___ RECORDS TO USE

(* Let $\mathcal{H}$ be a directed hypergraph on $\{1,2,3\}$ all of whose hyperedges $e$ have order $3$ and satisfy $T(e)\cap H(e)=\emptyset$ (so $\mathcal{E}\subseteq\{(\{2,3\},\{1\}),(\{1,3\},\{2\}),(\{1,2\},\{3\})\}$), and consider a network dynamical system on $\mathcal{H}$ with smooth $F$ and coupling homogeneous in each order. Then its vector field is not equal to the Guckenheimer--Holmes vector field $$\dot x_1 = x_1 + a x_1^3 + b x_1x_2^2 + c x_1x_3^2,\quad \dot x_2 = x_2 + a x_2^3 + b x_2x_3^2 + c x_1^2x_2,\quad \dot x_3 = x_3 + a x_3^3 + b x_1^2x_3 + c x_2^2x_3$$ for any real $a,b,c$ with $b\ne c$; in particular the Guckenheimer--Holmes system with $a+b+c=-1$, $-\tfrac13<a<0$, $c<a<b<0$ cannot be realized.
   Context: A directed hypergraph on $\mathcal{V}=\{1,\dots,N\}$ is a set $\mathcal{E}$ of hyperedges $e=(T(e),H(e))$ with nonempty tail and head; the order of $e$ is $|T(e)|+1$. A network dynamical system on it is $\dot x_k = F(x_k) + \sum_{e\in\mathcal{E}:\,k\in H(e)} G_e(x_k; x_{T(e)})$ on $\mathbb{R}^N$, with $F$ smooth and each $G_e:\mathbb{R}\times\mathbb{R}^{|T(e)|}\to\mathbb{R}$ smooth, invariant under permutations of its tail arguments and depending nontrivially on them. The coupling is homogeneous in each order if $G_e=G^{(m)}$ for all hyperedges $e$ of order $m$. *)

From Stdlib Require Import Reals List.
From Coquelicot Require Import Coquelicot.
Open Scope R_scope.

(** Smoothness of a real function of one variable: derivatives of all
    orders exist everywhere (hence are all continuous, i.e. C^infinity). *)
Definition smooth1 (F : R -> R) : Prop :=
  forall (n : nat) (x : R), ex_derive (Derive_n F n) x.

(** Functions R x R^2 -> R are curried as R -> R -> R -> R
    (first argument: the head state x_k; last two: the tail states). *)
Definition fun3 := R -> R -> R -> R.

(** Partial derivative of g along coordinate i (0, 1, or >= 2 meaning the third). *)
Definition pd (i : nat) (g : fun3) : fun3 :=
  match i with
  | O => fun a b c => Derive (fun t => g t b c) a
  | S O => fun a b c => Derive (fun t => g a t c) b
  | _ => fun a b c => Derive (fun t => g a b t) c
  end.

Fixpoint pds (l : list nat) (g : fun3) : fun3 :=
  match l with
  | nil => g
  | i :: l' => pd i (pds l' g)
  end.

Definition smooth3 (g : fun3) : Prop :=
  forall l : list nat,
    (forall a b c,
        ex_derive (fun t => pds l g t b c) a /\
        ex_derive (fun t => pds l g a t c) b /\
        ex_derive (fun t => pds l g a b t) c) /\
    (forall p : R * R * R,
        continuous (fun q : R * R * R => pds l g (fst (fst q)) (snd (fst q)) (snd q)) p).

Definition tail_symmetric (G : fun3) : Prop :=
  forall x y z, G x y z = G x z y.

Definition depends_on_tail (G : fun3) : Prop :=
  exists x y z y' z', G x y z <> G x y' z'.

(** Network vector field on a directed hypergraph on {1,2,3} whose hyperedges
    all have order 3 with T(e) ∩ H(e) = ∅, i.e. E ⊆ {e1, e2, e3} with
      e1 = ({2,3},{1}), e2 = ({1,3},{2}), e3 = ({1,2},{3}).
    The boolean s_i records whether e_i ∈ E.  Homogeneous coupling in order 3:
    every hyperedge uses the same G = G^(3) : R × R^2 -> R.
    x_k' = F(x_k) + sum_{e ∈ E, k ∈ H(e)} G(x_k; x_{T(e)}). *)
Definition net_vf (s1 s2 s3 : bool) (F : R -> R) (G : fun3)
  (x1 x2 x3 : R) : R * R * R :=
  (F x1 + (if s1 then G x1 x2 x3 else 0),
   F x2 + (if s2 then G x2 x1 x3 else 0),
   F x3 + (if s3 then G x3 x1 x2 else 0)).

Definition gh_vf (a b c x1 x2 x3 : R) : R * R * R :=
  (x1 + a * x1 ^ 3 + b * x1 * x2 ^ 2 + c * x1 * x3 ^ 2,
   x2 + a * x2 ^ 3 + b * x2 * x3 ^ 2 + c * x1 ^ 2 * x2,
   x3 + a * x3 ^ 3 + b * x1 ^ 2 * x3 + c * x2 ^ 2 * x3).

(** We compare the first two
    components with those of the Guckenheimer–Holmes field:
    - if node 1 (resp. node 2) receives no hyperedge, its component depends on
      x_1 (resp. x_2) alone, while the Guckenheimer–Holmes component contains
      the terms b x_1 x_2^2 + c x_1 x_3^2 (resp. b x_2 x_3^2 + c x_1^2 x_2);
      hence b = c = 0;
    - if both nodes receive their hyperedge, then at the state (1, 1, 0) the
      network components of nodes 1 and 2 coincide (both equal F(1) + G(1;1,0)),
      whereas the Guckenheimer–Holmes components equal 1 + a + b and 1 + a + c;
      hence b = c. *)

From Stdlib Require Import Reals Lra.
From Coquelicot Require Import Coquelicot.
Open Scope R_scope.

Definition gh1 (a b c x1 x2 x3 : R) : R := fst (fst (gh_vf a b c x1 x2 x3)).
Definition gh2 (a b c x1 x2 x3 : R) : R := snd (fst (gh_vf a b c x1 x2 x3)).

Lemma gh1_autonomous_coeffs (a b c : R) :
  (exists f : R -> R, forall x1 x2 x3, f x1 = gh1 a b c x1 x2 x3) ->
  b = 0 /\ c = 0.
Proof.
  intros [f Hf].
  pose proof (Hf 1 0 0) as H00; pose proof (Hf 1 1 0) as H10;
    pose proof (Hf 1 0 1) as H01.
  unfold gh1, gh_vf in *; simpl in *; lra.
Qed.

Lemma gh2_autonomous_coeffs (a b c : R) :
  (exists f : R -> R, forall x1 x2 x3, f x2 = gh2 a b c x1 x2 x3) ->
  b = 0 /\ c = 0.
Proof.
  intros [f Hf].
  pose proof (Hf 0 1 0) as H00; pose proof (Hf 0 1 1) as H01;
    pose proof (Hf 1 1 0) as H10.
  unfold gh2, gh_vf in *; simpl in *; lra.
Qed.

(** When nodes 1 and 2 both receive a hyperedge with the same coupling G, their
    components agree at (1, 1, 0); matching the Guckenheimer–Holmes field
    there forces b = c. *)
Lemma coupled_nodes_coeffs (F : R -> R) (G : fun3) (a b c : R) :
  (forall x1 x2 x3, F x1 + G x1 x2 x3 = gh1 a b c x1 x2 x3) ->
  (forall x1 x2 x3, F x2 + G x2 x1 x3 = gh2 a b c x1 x2 x3) ->
  b = c.
Proof.
  intros H1 H2.
  pose proof (H1 1 1 0) as E1; pose proof (H2 1 1 0) as E2.
  unfold gh1, gh2, gh_vf in *; simpl in *; lra.
Qed.

Theorem mainTheorem5 :
  forall (s1 s2 s3 : bool) (F : R -> R) (G : R -> R -> R -> R),
    smooth1 F -> smooth3 G -> tail_symmetric G -> depends_on_tail G ->
    forall a b c : R, b <> c ->
      ~ (forall x1 x2 x3 : R, net_vf s1 s2 s3 F G x1 x2 x3 = gh_vf a b c x1 x2 x3).
Proof.
  intros s1 s2 s3 F G _ _ _ _ a b c Hbc Heq.
  assert (Node1 : forall x1 x2 x3,
             F x1 + (if s1 then G x1 x2 x3 else 0) = gh1 a b c x1 x2 x3)
    by (intros; exact (f_equal (fun p => fst (fst p)) (Heq x1 x2 x3))).
  assert (Node2 : forall x1 x2 x3,
             F x2 + (if s2 then G x2 x1 x3 else 0) = gh2 a b c x1 x2 x3)
    by (intros; exact (f_equal (fun p => snd (fst p)) (Heq x1 x2 x3))).
  apply Hbc; destruct s1; [destruct s2 |].
  -
    exact (coupled_nodes_coeffs F G a b c Node1 Node2).
  -
    destruct (gh2_autonomous_coeffs a b c) as [-> ->]; [| reflexivity].
    exists F; intros x1 x2 x3; rewrite <- Node2; ring.
  -
    destruct (gh1_autonomous_coeffs a b c) as [-> ->]; [| reflexivity].
    exists F; intros x1 x2 x3; rewrite <- Node1; ring.
Qed.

______

_WHAT TO PRODUCE:_ Your answer must be the line containing "pose proof (Hf 1 1 0) as H10." through the last line above, copied exactly, with nothing added.

_YOUR SOLUTION:_
    pose proof (Hf 1 1 0) as H10.
  unfold gh2, gh_vf in *; simpl in *; lra.
Qed.

(** When nodes 1 and 2 both receive a hyperedge with the same coupling G, their
    components agree at (1, 1, 0); matching the Guckenheimer–Holmes field
    there forces b = c. *)
Lemma coupled_nodes_coeffs (F : R -> R) (G : fun3) (a b c : R) :
  (forall x1 x2 x3, F x1 + G x1 x2 x3 = gh1 a b c x1 x2 x3) ->
  (forall x1 x2 x3, F x2 + G x2 x1 x3 = gh2 a b c x1 x2 x3) ->
  b = c.
Proof.
  intros H1 H2.
  pose proof (H1 1 1 0) as E1; pose proof (H2 1 1 0) as E2.
  unfold gh1, gh2, gh_vf in *; simpl in *; lra.
Qed.

Theorem mainTheorem5 :
  forall (s1 s2 s3 : bool) (F : R -> R) (G : R -> R -> R -> R),
    smooth1 F -> smooth3 G -> tail_symmetric G -> depends_on_tail G ->
    forall a b c : R, b <> c ->
      ~ (forall x1 x2 x3 : R, net_vf s1 s2 s3 F G x1 x2 x3 = gh_vf a b c x1 x2 x3).
Proof.
  intros s1 s2 s3 F G _ _ _ _ a b c Hbc Heq.
  assert (Node1 : forall x1 x2 x3,
             F x1 + (if s1 then G x1 x2 x3 else 0) = gh1 a b c x1 x2 x3)
    by (intros; exact (f_equal (fun p => fst (fst p)) (Heq x1 x2 x3))).
  assert (Node2 : forall x1 x2 x3,
             F x2 + (if s2 then G x2 x1 x3 else 0) = gh2 a b c x1 x2 x3)
    by (intros; exact (f_equal (fun p => snd (fst p)) (Heq x1 x2 x3))).
  apply Hbc; destruct s1; [destruct s2 |].
  -
    exact (coupled_nodes_coeffs F G a b c Node1 Node2).
  -
    destruct (gh2_autonomous_coeffs a b c) as [-> ->]; [| reflexivity].
    exists F; intros x1 x2 x3; rewrite <- Node2; ring.
  -
    destruct (gh1_autonomous_coeffs a b c) as [-> ->]; [| reflexivity].
    exists F; intros x1 x2 x3; rewrite <- Node1; ring.
Qed.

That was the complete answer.